Johnson was named to the NFC Pro Bowl team Thursday, replacing Falcons quarterback Michael Vick, who pulled out due to a foot ailment.
Johnson called the Pro Bowl selection an honor but said the only thing he is focused on is winning the Super Bowl.
"My one goal I wrote down this year was to make the Super Bowl," Johnson said. "I didn't write about percentages. I didn't write about Pro Bowls. It was the Super Bowl. So my dream and my quest have come true. Now to finish it is to win it.
"The Pro Bowl is an honor for the team. It shows how much we improved this year and how well we played as a team and offensively."
Vick is the second NFC quarterback to pull out. The Packers' Brett Favre pulled out with a foot and ankle injury and was replaced by the Eagles' Donovan McNabb. The 49ers' Jeff Garcia will start the game Feb. 2.
It will be Johnson's second Pro Bowl appearance. He was selected in 1999 while with the Redskins.
Johnson passed for 3,049 yards with 22 touchdowns and six interceptions in 13 starts this season.
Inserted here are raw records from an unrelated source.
(* Gronwall: [V e^(-K t)] is nonincreasing and [V e^(K t)] nondecreasing. *)
Lemma gronwall_zero a K (V V' : R -> R) t0 :
  (forall t, a < t -> is_derive V t (V' t)) ->
  (forall t, a < t -> Rabs (V' t) <= K * V t) ->
  (forall t, a < t -> 0 <= V t) ->
  a < t0 -> V t0 = 0 -> forall t, a < t -> V t = 0.
Proof.
  intros Hd Hgrow Hpos Hat0 HV0 t Hat.
  apply Rle_antisym; [| now apply Hpos].
  destruct (Rle_or_lt t0 t) as [Ht0t|Htt0].
  - assert (Hdec : V t * exp (- K * t) <= V t0 * exp (- K * t0)).
    { apply (deriv_nonpos_nonincreasing a (fun t => V t * exp (- K * t))
               (fun t => exp (- K * t) * (V' t - K * V t))); auto.
      - intros s Hs. eapply is_derive_eq.
        + apply is_derive_Rmult; [now apply Hd | apply is_derive_exp_scal].
        + cbv beta. ring.
      - intros s Hs. pose proof (exp_pos (- K * s)).
        pose proof (Hgrow s Hs) as Hg. apply Rabs_le_between in Hg.
        apply Rmult_le_0_l; lra. }
    rewrite HV0, Rmult_0_l in Hdec.
    apply (Rmult_le_reg_r (exp (- K * t))); [apply exp_pos | lra].
  - assert (Hinc : - (V t0 * exp (K * t0)) <= - (V t * exp (K * t))).
    { apply (deriv_nonpos_nonincreasing a (fun t => - (V t * exp (K * t)))
               (fun t => - (exp (K * t) * (V' t + K * V t)))); try lra.
      - intros s Hs. eapply is_derive_eq.
        + apply is_derive_Ropp, is_derive_Rmult; [now apply Hd | apply is_derive_exp_scal].
        + cbv beta. ring.
      - intros s Hs. pose proof (exp_pos (K * s)).
        pose proof (Hgrow s Hs) as Hg. apply Rabs_le_between in Hg.
        assert (0 <= exp (K * s) * (V' s + K * V s)) by (apply Rmult_le_pos; lra). lra. }
    rewrite HV0, Rmult_0_l in Hinc.
    apply (Rmult_le_reg_r (exp (K * t))); [apply exp_pos | lra].
Qed.

Lemma Rabs_2mul_le_sum_sqr x y : 2 * Rabs (x * y) <= x * x + y * y.
Proof.
  rewrite Rabs_mult.
  assert (Hx : Rabs x * Rabs x = x * x) by (rewrite <- Rabs_mult; apply Rabs_right; nra).
  assert (Hy : Rabs y * Rabs y = y * y) by (rewrite <- Rabs_mult; apply Rabs_right; nra).
  pose proof (Rle_0_sqr (Rabs x - Rabs y)); unfold Rsqr in *. nra.
Qed.

(* Uniqueness for [u'' = - f u] with bounded [f], via the energy [u^2 + u'^2]. *)
Lemma ode_solution_zero a K (f u du ddu : R -> R) t0 :
  (forall t, a < t -> is_derive u t (du t)) ->
  (forall t, a < t -> is_derive du t (ddu t)) ->
  (forall t, a < t -> ddu t = - f t * u t) ->
  (forall t, a < t -> Rabs (f t) <= K) ->
  a < t0 -> u t0 = 0 -> du t0 = 0 -> forall t, a < t -> u t = 0.
Proof.
  intros Hu Hdu Hode Hf Hat0 Hu0 Hdu0 t Hat.
  set (V := fun t => u t * u t + du t * du t).
  assert (HV : V t = 0).
  { apply (gronwall_zero a (1 + K) V (fun t => 2 * (u t * du t) * (1 - f t)) t0); auto.
    - intros s Hs. unfold V. eapply is_derive_eq.
      + apply is_derive_Rplus; apply is_derive_Rmult; auto.
      + rewrite (Hode s Hs). cbv beta. ring.
    - intros s Hs. unfold V. rewrite Rabs_mult, (Rabs_mult 2), (Rabs_right 2) by lra.
      pose proof (Rabs_2mul_le_sum_sqr (u s) (du s)).
      assert (Rabs (1 - f s) <= 1 + K).
      { pose proof (Hf s Hs) as Hfs. apply Rabs_le_between in Hfs. apply Rabs_le; lra. }
      pose proof (Rabs_pos (1 - f s)). pose proof (Rabs_pos (u s * du s)). nra.
    - intros s Hs. unfold V. nra.
    - unfold V. rewrite Hu0, Hdu0. ring. }
  unfold V in HV. nra.
Qed.

Lemma singular_2x2_kernel (p q r s : R) :
  p * s - q * r = 0 ->
  exists al be, (al <> 0 \/ be <> 0) /\ al * p + be * q = 0 /\ al * r + be * s = 0.
Proof.
  intros Hdet.
  destruct (Req_dec p 0) as [Hp|Hp]; destruct (Req_dec q 0) as [Hq|Hq].
  - destruct (Req_dec r 0) as [Hr|Hr].
    + exists 1, 0. subst. split; [left; lra | split; ring].
    + exists s, (- r). split; [right; lra | split; nra].
  - exists q, (- p). split; [left; exact Hq | split; nra].
  - exists q, (- p). split; [right; lra | split; nra].
  - exists q, (- p). split; [left; exact Hq | split; nra].
Qed.

Definition energy_form (c g h k : R) : R :=
  2 * c * g * g - 2 * (c - k) * g * h + 2 * c * (c + 1) * h * h.

(* With [m = c - k] in [0, 2c], the discriminant [4 m^2 - 16 c^2 (c + 1)] is negative. *)
Lemma energy_form_nonneg c g h k : 0 < c -> Rabs k <= c -> 0 <= energy_form c g h k.
Proof.
  intros Hc Hk. apply Rabs_le_between in Hk. unfold energy_form.
  set (m := c - k).
  assert (Hm : m * m <= 4 * c * c) by (unfold m; nra).
  assert (0 <= (2 * c * g - m * h) * (2 * c * g - m * h)) by apply Rle_0_sqr.
  assert (0 <= (4 * c * c * (c + 1) - m * m) * (h * h)) by (apply Rmult_le_pos; nra).
  nra.
Qed.

(* The Lagrange identity [|p|^2 |q|^2 = (q . p)^2 + w^2] gives [|w| <= |p| |q|]. *)
Lemma Cmod_div_le_wronskian (p1 p2 q1 q2 : R) :
  q1 * p2 - q2 * p1 <> 0 ->
  Cmod ((p1, p2) / (q1, q2)) <= (p1 * p1 + p2 * p2) / Rabs (q1 * p2 - q2 * p1).
Proof.
  set (w := q1 * p2 - q2 * p1). intros Hw.
  assert (Hq : (q1, q2) <> RtoC 0)
    by (intros Hq; injection Hq as -> ->; apply Hw; unfold w; ring).
  rewrite Cmod_div by exact Hq.
  set (P := Cmod (p1, p2)). set (Q := Cmod (q1, q2)).
  assert (HP2 : P * P = p1 * p1 + p2 * p2)
    by (unfold P, Cmod; simpl; rewrite sqrt_sqrt; [ring | nra]).
  assert (HQ2 : Q * Q = q1 * q1 + q2 * q2)
    by (unfold Q, Cmod; simpl; rewrite sqrt_sqrt; [ring | nra]).
  assert (HP : 0 <= P) by apply Cmod_ge_0.
  assert (HQ : 0 <= Q) by apply Cmod_ge_0.
  assert (Hw0 : 0 < Rabs w) by now apply Rabs_pos_lt.
  assert (Hw2 : Rabs w * Rabs w = w * w) by (rewrite <- Rabs_mult; apply Rabs_right; nra).
  assert (Hlag : Rabs w * Rabs w <= (P * Q) * (P * Q)).
  { replace (P * Q * (P * Q)) with ((P * P) * (Q * Q)) by ring.
    rewrite Hw2, HP2, HQ2. unfold w.
    pose proof (Rle_0_sqr (q1 * p1 + q2 * p2)). unfold Rsqr in *. nra. }
  assert (HwPQ : Rabs w <= P * Q) by (apply Rsqr_incr_0_var; [exact Hlag | nra]).
  assert (HQpos : 0 < Q) by nra.
  rewrite <- HP2. apply (Rmult_le_reg_r (Q * Rabs w)); [nra |].
  replace (P / Q * (Q * Rabs w)) with (P * Rabs w) by (field; lra).
  replace (P * P / Rabs w * (Q * Rabs w)) with (P * (P * Q)) by (field; lra).
  now apply Rmult_le_compat_l.
Qed.
Lemma mem_ord3 (i j k t : 'I_3) : uniq [:: i; j; k] -> t \in [:: i; j; k].
Proof.
move=> u; have sub : {subset [:: i; j; k] <= enum 'I_3} by move=> x; rewrite mem_enum.
by rewrite (uniq_min_size u sub _).2 ?mem_enum // size_enum_ord.
Qed.

Lemma eq_ord3 (i j k t : 'I_3) : uniq [:: i; j; k] -> (t == k) = (t != i) && (t != j).
Proof.
move=> u; have := mem_ord3 t u; move: u; rewrite /= !inE !negb_or.
case/and3P=> /andP[ij ik] jk _ /or3P[] /eqP->; rewrite !eqxx //=.
- by rewrite (negbTE ik).
- by rewrite (negbTE jk) eq_sym ij.
- by rewrite eq_sym ik eq_sym jk.
Qed.

Lemma sum_ord3 (R : nmodType) (F : 'I_3 -> R) i j k :
  uniq [:: i; j; k] -> \sum_t F t = F i + F j + F k.
Proof.
move=> u; rewrite -big_enum (perm_big [:: i; j; k]).
  by rewrite !big_cons big_nil /= addr0 addrA.
by apply: uniq_perm; rewrite ?enum_uniq // => t; rewrite mem_enum mem_ord3.
Qed.

Definition third (i j : 'I_3) : 'I_3 := odflt i [pick k | k \notin [:: i; j]].

Lemma third_uniq i j : i != j -> uniq [:: i; j; third i j].
Proof.
move=> ij; rewrite /third; case: pickP => [k | none] /=.
  by rewrite !inE !negb_or => /andP[ki kj]; rewrite ij eq_sym ki eq_sym kj.
have : (size (enum 'I_3) <= size [:: i; j])%N.
  by apply: uniq_leq_size (enum_uniq _) _ => k _; apply/negPn; rewrite none.
by rewrite size_enum_ord.
Qed.

Lemma third_eq i j k : uniq [:: i; j; k] -> third i j = k.
Proof.
move=> u; move: (u); rewrite /= !inE !negb_or => /and3P[/andP[ij ik] jk _].
have := mem_ord3 k (third_uniq ij); rewrite !inE.
by rewrite eq_sym (negbTE ik) eq_sym (negbTE jk) => /eqP.
Qed.
(* For complex $a,c$ with $|ac|<1$, \begin{align*} \sum_{n=0}^\infty \bigl(1-q^{2n+1}\bigr) \frac{\bigl(q^2/a, q^2/c; q^2\bigr)_n}{\bigl(q^2 a, q^2c; q^2\bigr)_n} (ac)^n \sum_{j=-n}^n (-1)^j q^{n^2-j^2} =\frac{\bigl(q^2, ac; q^2\bigr)_\infty}{\bigl(q^2 a, q^2 c; q^2\bigr)_\infty}\sum_{n=0}^\infty \frac{\bigl(q^2/a, q^2/c; q^2\bigr)_n}{\bigl(1+q^{2n+1}\bigr)\bigl(q^4; q^4\bigr)_n} (-ac)^n. \end{align*}
   Context: Throughout, $q$ is a complex number with $0<|q|<1$. For $x\in\mathbb{C}$ and base $p\in\{q^2,q^4\}$, $(x;p)_\infty=\prod_{k=0}^\infty(1-xp^k)$ and, for an integer $n\ge 0$, $(x;p)_n=\prod_{k=0}^{n-1}(1-xp^k)$; also $(x_1,\dots,x_m;p)_n=(x_1;p)_n\cdots(x_m;p)_n$ for $n$ an integer or $\infty$. *)

From Stdlib Require Import Reals ZArith.
From Coquelicot Require Import Coquelicot.
Open Scope C_scope.

Fixpoint qpoch (x p : C) (n : nat) : C :=
  match n with O => 1%R | S m => qpoch x p m * (1%R - x * Cpow p m) end.

Definition is_qpoch_inf (x p P : C) : Prop :=
  filterlim (fun n => qpoch x p n) eventually (locally P).

Definition inner_sum (q : C) (n : nat) : C :=
  sum_n_m (fun k : nat =>
    let j := (Z.of_nat k - Z.of_nat n)%Z in
    Cpow (Copp 1%R) (Z.abs_nat j) *
    Cpow q (Z.to_nat (Z.of_nat n * Z.of_nat n - j * j)%Z)) 0 (2 * n).

From Stdlib Require Import Reals ZArith Lia Lra ClassicalEpsilon.
From Coquelicot Require Import Coquelicot.
Open Scope C_scope.

(* Write p = q^2 and x = ac. The pair
     alpha_r = (1 - q^(2r+1)) sum_(|j|<=r) (-1)^j q^(r^2-j^2),
     beta_n  = (-1)^n / ((1 + q^(2n+1)) (q^4;q^4)_n)
   is a Bailey pair, beta_n = sum_(r<=n) alpha_r / ((p;p)_(n-r) (p;p)_(n+r+1)): exchanging the two
   finite sums, every column sums in closed form, and what remains is the alternating q-binomial sum
   sum_(i<=2n) (-1)^i / ((p;p)_i (p;p)_(2n-i)) = 1/(q^4;q^4)_n.
   Multiplying by gamma_n = (p/a, p/c; p)_n x^n and interchanging the summations (Tannery), the
   right-hand series becomes sum_r alpha_r gamma_r D_r / (p;p)_(2r+1), where D_r is the 2phi1 series
   with parameters p^(r+1)/a, p^(r+1)/c; p^(2r+2) at argument x, a q-Gauss sum. Its contiguous relation
   shows that D_r (pa, pc; p)_r (1 - p) / (p;p)_(2r+1) does not depend on r; as r -> oo, D_r tends to
   sum_k x^k / (p;p)_k = 1 / (x;p)_oo (Euler), so D_0 = (1 - p) (pa, pc; p)_oo / ((p, x; p)_oo), and this
   constant is exactly the ratio between the two sides. *)

Lemma exp_monotone (x y : R) : (x <= y)%R -> (exp x <= exp y)%R.
Proof. intros [H|H]; [left; now apply exp_increasing | subst; lra]. Qed.

Lemma Cmod_one_minus_ge (z : C) : (1 - Cmod z <= Cmod (1 - z))%R.
Proof.
  pose proof (Cmod_triangle (1 - z) z) as H.
  replace (1 - z + z) with (RtoC 1) in H by ring. rewrite Cmod_1 in H. lra.
Qed.

Lemma Cmod_one_minus_le (z : C) : (Cmod (1 - z) <= 1 + Cmod z)%R.
Proof. eapply Rle_trans; [apply Cmod_triangle|]. rewrite Cmod_opp, Cmod_1. lra. Qed.

Lemma one_minus_neq0 (z : C) : (Cmod z < 1)%R -> 1 - z <> 0.
Proof.
  intros H E. replace z with (RtoC 1) in H by (replace z with (1 - (1 - z)) by ring; rewrite E; ring).
  rewrite Cmod_1 in H. lra.
Qed.

Lemma one_plus_neq0 (z : C) : (Cmod z < 1)%R -> 1 + z <> 0.
Proof.
  intros H. replace (1 + z) with (1 - - z) by ring. apply one_minus_neq0. rewrite Cmod_opp. exact H.
Qed.
Lemma trial_in_unit_upto l : (1 <= l)%nat -> forall k, (1 <= k <= q l)%nat -> 0 <= xs k <= 1.
Proof.
  induction l as [|l IH]; intros Hl k Hk; [lia|].
  destruct (Nat.eq_dec l 0) as [->|Hl0].
  - pose proof Hrun as (_ & H1 & H2 & H3 & _).
    destruct (Nat.eq_dec k 1) as [->|]; [lra|]. destruct (Nat.eq_dec k 2) as [->|]; [lra|].
    assert (H := H3 k ltac:(lia)). lra.
  - specialize (IH ltac:(lia)).
    destruct (le_lt_dec k (q l)) as [Hkq|Hkq]; [apply IH; lia|].
    destruct (ord_sorted_enum l ltac:(lia)) as (Hs & Hord & _).
    assert (Hq := q_succ_eq l ltac:(lia)).
    destruct (selected_interval l (k - q l) ltac:(lia) ltac:(lia)) as (Hi & Hnew).
    replace k with (q l + (k - q l))%nat by lia. rewrite Hnew.
    set (i := t l (k - q l)%nat) in *.
    assert (Hunit : forall m, (1 <= m <= q l)%nat -> 0 <= ord l m <= 1).
    { intros m Hm. destruct (Hord m Hm) as (k' & Hk' & ->). apply IH. exact Hk'. }
    assert (Hin := new_point_in_gap l i ltac:(lia) Hi).
    assert (Ha := Hunit (i - 1)%nat ltac:(lia)). assert (Hb := Hunit i ltac:(lia)).
    simpl in Hin. lra.
Qed.

Lemma ord_in_unit l i : (1 <= l)%nat -> (1 <= i <= q l)%nat -> 0 <= ord l i <= 1.
Proof.
  intros Hl Hi. destruct (ord_sorted_enum l Hl) as (_ & Hord & _).
  destruct (Hord i Hi) as (k & Hk & ->). apply (trial_in_unit_upto l Hl k Hk).
Qed.

Lemma trial_outside_gap l j k : (1 <= l)%nat -> (2 <= j <= q l)%nat -> (1 <= k <= q l)%nat ->
  xs k <= ord l (j - 1)%nat \/ ord l j <= xs k.
Proof.
  intros Hl Hj Hk. destruct (ord_sorted_enum l Hl) as (Hs & _ & Hxs).
  destruct (Hxs k Hk) as (i & Hi & ->). apply (sorted_outside_gap _ _ Hs); assumption.
Qed.

Lemma new_trial_far l k : (1 <= l)%nat -> (1 <= k <= q l)%nat ->
  let y := ord l in let T := t l 1%nat in
  (y T - y (T - 1)%nat) * (1 - / r) / 2 <= Rabs (xs (q l + 1)%nat - xs k).
Proof.
  intros Hl Hk y T. assert (Hp := p_succ_ge_1 l Hl).
  destruct (selected_interval l 1 Hl ltac:(lia)) as (HT & ->). fold T in HT |- *.
  assert (Hin := new_point_in_gap l T Hl HT). simpl in Hin. fold y in Hin |- *.
  destruct (trial_outside_gap l T k Hl HT Hk) as [Hout|Hout]; fold y in Hout.
  - rewrite Rabs_right; lra.
  - rewrite Rabs_left1; lra.
Qed.

Lemma selected_gap_vanishes eta : 0 < eta ->
  exists L, forall l, (L <= l)%nat -> (1 <= l)%nat ->
    ord l (t l 1%nat) - ord l (t l 1%nat - 1)%nat < eta.
Proof.
  intros Heta.
  assert (Hc : 0 < (1 - / r) / 2) by (assert (H := inv_r_lt_1); lra).
  set (Long := fun l => (1 <= l)%nat /\ eta <= ord l (t l 1%nat) - ord l (t l 1%nat - 1)%nat).
  destruct (separated_in_unit_finite Long (fun l => xs (q l + 1)%nat) (eta * ((1 - / r) / 2)))
    as (L & HL).
  - apply Rmult_lt_0_compat; assumption.
  - intros l (Hl & _). apply (trial_in_unit_upto (S l)); [lia|].
    assert (Hs := q_lt_succ l Hl). lia.
  - intros l l' (Hl & _) (Hl' & Hlong') Hll'.
    assert (Hq := q_lt_mono l l' Hl Hll').
    assert (Hfar := new_trial_far l' (q l + 1) Hl' ltac:(lia)). simpl in Hfar. nra.
  - exists L. intros l HLl Hl. apply Rnot_le_lt. intros Hlong. apply (HL l HLl). split; assumption.
Qed.

Lemma charR_le_selected l j : (1 <= l)%nat -> (2 <= j <= q l)%nat ->
  charR N r xi f (ord l) (q l) j <= charR N r xi f (ord l) (q l) (t l 1%nat).
Proof.
  intros Hl Hj. assert (Hp := p_succ_ge_1 l Hl). pose proof Hrun as (_ & _ & _ & _ & H).
  destruct (H l Hl) as (_ & _ & _ & Ht). destruct (Ht 1%nat ltac:(lia)) as (_ & _ & Hmax & _).
  apply Hmax; [exact Hj | intros; lia].
Qed.

Lemma not_trial_if_inside_gaps x :
  (forall n, exists l, (n <= l)%nat /\ (1 <= l)%nat /\
     exists j, (2 <= j <= q l)%nat /\ ord l (j - 1)%nat < x < ord l j) ->
  forall k, (1 <= k)%nat -> xs k <> x.
Proof.
  intros Hgaps k Hk Hx. destruct (Hgaps k) as (l & Hkl & Hl & j & Hj & Hin).
  assert (Hq := q_gt l Hl).
  destruct (trial_outside_gap l j k Hl Hj ltac:(lia)); lra.
Qed.

Lemma gap_around_far_point_ge x d l j : (forall k, (1 <= k)%nat -> d <= Rabs (xs k - x)) ->
  (1 <= l)%nat -> (2 <= j <= q l)%nat -> ord l (j - 1)%nat < x < ord l j ->
  2 * d <= ord l j - ord l (j - 1)%nat.
Proof.
  intros Hd Hl Hj Hin. destruct (ord_sorted_enum l Hl) as (_ & Hord & _).
  destruct (Hord (j - 1)%nat ltac:(lia)) as (ka & Hka & Ea).
  destruct (Hord j ltac:(lia)) as (kb & Hkb & Eb).
  assert (Hda := Hd ka ltac:(lia)). assert (Hdb := Hd kb ltac:(lia)).
  rewrite <- Ea, Rabs_left in Hda by lra. rewrite <- Eb, Rabs_right in Hdb by lra. lra.
Qed.

Variable Hc : R.
Hypothesis Hhol : forall x1 x2, 0 <= x1 <= 1 -> 0 <= x2 <= 1 ->
  Rabs (f x1 - f x2) <= Hc * hpow (Rabs (x1 - x2)) (/ INR N).

Lemma selected_charR_vanishes fs : (forall x, 0 <= x <= 1 -> fs <= f x) ->
  forall c, 0 < c -> exists L, forall l, (L <= l)%nat -> (1 <= l)%nat ->
    charR N r xi f (ord l) (q l) (t l 1%nat) + 2 * fs < c.
Proof using HN Hr Hxi Hrun Hhol.
  intros Hfs c Hc0.
  set (G := r * Rmax Hc xi + Hc ^ 2 / (r * xi)).
  assert (HG : 0 <= G).
  { assert (xi <= Rmax Hc xi) by apply Rmax_r.
    assert (0 <= Hc ^ 2 / (r * xi))
      by (apply Rmult_le_pos; [apply pow2_ge_0 | left; apply Rinv_0_lt_compat; nra]).
    unfold G. nra. }
  set (e0 := c / (G + 1)).
  assert (He0 : 0 < e0) by (apply Rmult_lt_0_compat; [lra | apply Rinv_0_lt_compat; lra]).
  destruct (selected_gap_vanishes (e0 ^ N) (pow_lt _ _ He0)) as (L & HL).
  exists L. intros l HLl Hl.
  destruct (ord_sorted_enum l Hl) as (Hs & _).
  assert (Hp := p_succ_ge_1 l Hl).
  destruct (selected_interval l 1 Hl ltac:(lia)) as (HT & _).
  assert (Hub := charR_le N xi Hc f (ord l) (q l) HN Hxi Hhol Hs (fun i => ord_in_unit l i Hl)
                   r _ fs ltac:(lra) HT Hfs). fold G in Hub.
  assert (Hgap := sorted_gap_gt_0 (ord l) (q l) Hs _ HT).
  assert (HD : Rpower (ord l (t l 1%nat) - ord l (t l 1%nat - 1)%nat) (/ INR N) <= e0).
  { rewrite <- (Rpower_pow_inv N e0) by assumption.
    apply Rle_Rpower_l; [left; apply inv_INR_gt_0, HN|]. specialize (HL l HLl Hl). lra. }
  assert (HGe0 : G * e0 < c) by (unfold e0; apply (Rmult_lt_reg_r (G + 1)); [lra|];
                                 field_simplify; lra).
  assert (G * Rpower (ord l (t l 1%nat) - ord l (t l 1%nat - 1)%nat) (/ INR N) <= G * e0)
    by (apply Rmult_le_compat_l; assumption).
  lra.
Qed.

Lemma minimizer_is_limit_point x : (forall z, 0 <= z <= 1 -> f x <= f z) ->
  (forall n, exists l, (n <= l)%nat /\ (1 <= l)%nat /\
     exists j, (2 <= j <= q l)%nat /\ ord l (j - 1)%nat < x < ord l j /\
       Rpower 4 (1 - / INR N) * Kj N f (ord l) j x ^ 2 >= Mj N f (ord l) j ^ 2 /\
       r * mu_j N xi f (ord l) (q l) j
         >= Rpower 2 (1 - / INR N) * Kj N f (ord l) j x
            + sqrt (Rpower 4 (1 - / INR N) * Kj N f (ord l) j x ^ 2 - Mj N f (ord l) j ^ 2)) ->
  forall eps, 0 < eps -> forall n, exists k, (n <= k)%nat /\ Rabs (xs k - x) < eps.
Proof using HN Hr Hxi Hrun Hhol.
  intros Hmin Hh eps Heps n. apply NNPP. intros Hnear.
  assert (Hnot_trial := not_trial_if_inside_gaps x
    ltac:(intros m; destruct (Hh m) as (l & ? & ? & j & ? & ? & _); eauto 6)).
  destruct (eventually_ge_pos_lower_bound (fun k => Rabs (xs (S k) - x)) n eps Heps)
    as (d & Hd & Hdk).
  - intros k. apply Rabs_pos_lt, Rminus_eq_contra, Hnot_trial. lia.
  - intros k Hk. apply Rnot_lt_le. intros Hlt. apply Hnear. exists (S k). split; [lia | exact Hlt].
  - assert (Hfar : forall k, (1 <= k)%nat -> d <= Rabs (xs k - x))
      by (intros k Hk; replace k with (S (k - 1)) by lia; apply Hdk).
    set (c := r * xi * Rpower (2 * d) (/ INR N) / 2).
    assert (Hc0 : 0 < c)
      by (apply Rmult_lt_0_compat; [apply Rmult_lt_0_compat; [nra | apply Rpower_gt_0] | lra]).
    destruct (selected_charR_vanishes (f x) Hmin c Hc0) as (L & HL).
    destruct (Hh (Nat.max L 1)) as (l & Hl & Hl1 & j & Hj & Hin & HK & HM).
    assert (Hlen := gap_around_far_point_ge x d l j Hfar Hl1 Hj Hin).
    assert (Hlb := charR_at_minimizer_ge N r xi f (ord l) (q l) j x HN ltac:(lra) Hxi Hin
      (Hmin _ (ord_in_unit l (j - 1) Hl1 ltac:(lia))) (Hmin _ (ord_in_unit l j Hl1 ltac:(lia)))
      HK HM).
    assert (Hsel := charR_le_selected l j Hl1 Hj).
    assert (Rpower (2 * d) (/ INR N) <= Rpower (ord l j - ord l (j - 1)%nat) (/ INR N))
      by (apply Rle_Rpower_l; [left; apply inv_INR_gt_0, HN | lra]).
    assert (c <= r * xi * Rpower (ord l j - ord l (j - 1)%nat) (/ INR N) / 2)
      by (unfold c; apply Rmult_le_compat_r; [lra | apply Rmult_le_compat_l; nra]).
    specialize (HL l ltac:(lia) Hl1). lra.
Qed.

End Run.
(* Let $\mathcal S$ be a (possibly infinite) set of curves in $\mathbb C^2$, each of degree at most $d$, and suppose that $\bigcap_{C\in\mathcal S}C$ contains a set $I$ with $|I|>d^2$. Then there is a curve $C_0$ with $C_0\subset\bigcap_{C\in\mathcal S}C$ and $|C_0\cap I|\geq |I|-(d-1)^2$.
   Context: A curve in $\mathbb C^2$ is the zero set of a polynomial in $\mathbb C[x,y]\setminus\mathbb C$; its degree is the minimum degree of a defining polynomial. *)

From mathcomp Require Import all_boot all_algebra.
From mathcomp Require Import complex.
From mathcomp Require Import Rstruct.
From mathcomp Require Import mpoly.
Set Implicit Arguments. Unset Strict Implicit. Unset Printing Implicit Defensive.
Import GRing.Theory Num.Theory.
Local Open Scope ring_scope.

Definition CC : numClosedFieldType := complex Rdefinitions.R.

Definition pt := (CC * CC)%type.

Definition ev (p : {mpoly CC[2]}) (z : pt) : CC :=
  p.@[fun i : 'I_2 => if i == 0 :> nat then z.1 else z.2].

Definition zero_set (p : {mpoly CC[2]}) : pt -> Prop := fun z => ev p z = 0.

Definition nonconst (p : {mpoly CC[2]}) : Prop := forall c : CC, p <> c%:MP.

(* Total degree of a polynomial (msize p = 1 + total degree, 0 for p = 0). *)
Definition tdeg (p : {mpoly CC[2]}) : nat := (msize p).-1.

(* Z is a curve of degree at most d: Z is the zero set of a nonconstant
   polynomial, and the minimal degree of a defining polynomial is <= d,
   i.e. some defining polynomial has total degree <= d. *)
Definition curve (Z : pt -> Prop) : Prop :=
  exists p, nonconst p /\ (forall z, Z z <-> zero_set p z).

Definition curve_deg_le (Z : pt -> Prop) (d : nat) : Prop :=
  exists p, nonconst p /\ (forall z, Z z <-> zero_set p z) /\ (tdeg p <= d)%N.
In two postseason games, he has passed for 455 yards with three touchdowns and two interceptions.
"We're really happy about that," Bucs coach Jon Gruden said. "It's an honor that's well-deserved."
COACH TALK: Defensive coordinator Monte Kiffin has emerged as a possible coaching candidate with the 49ers.
But the 49ers cannot contact Kiffin until after Sunday. The 49ers fired Steve Mariucci two days after a 31-6 playoff loss to the Bucs.
"Clearly, if and when that time comes, we would all endorse, do whatever we could do for Monte to get that if it was the wish of the the 49ers," Bucs general manager Rich McKay said. "The record speaks for itself. The guy has done a great job."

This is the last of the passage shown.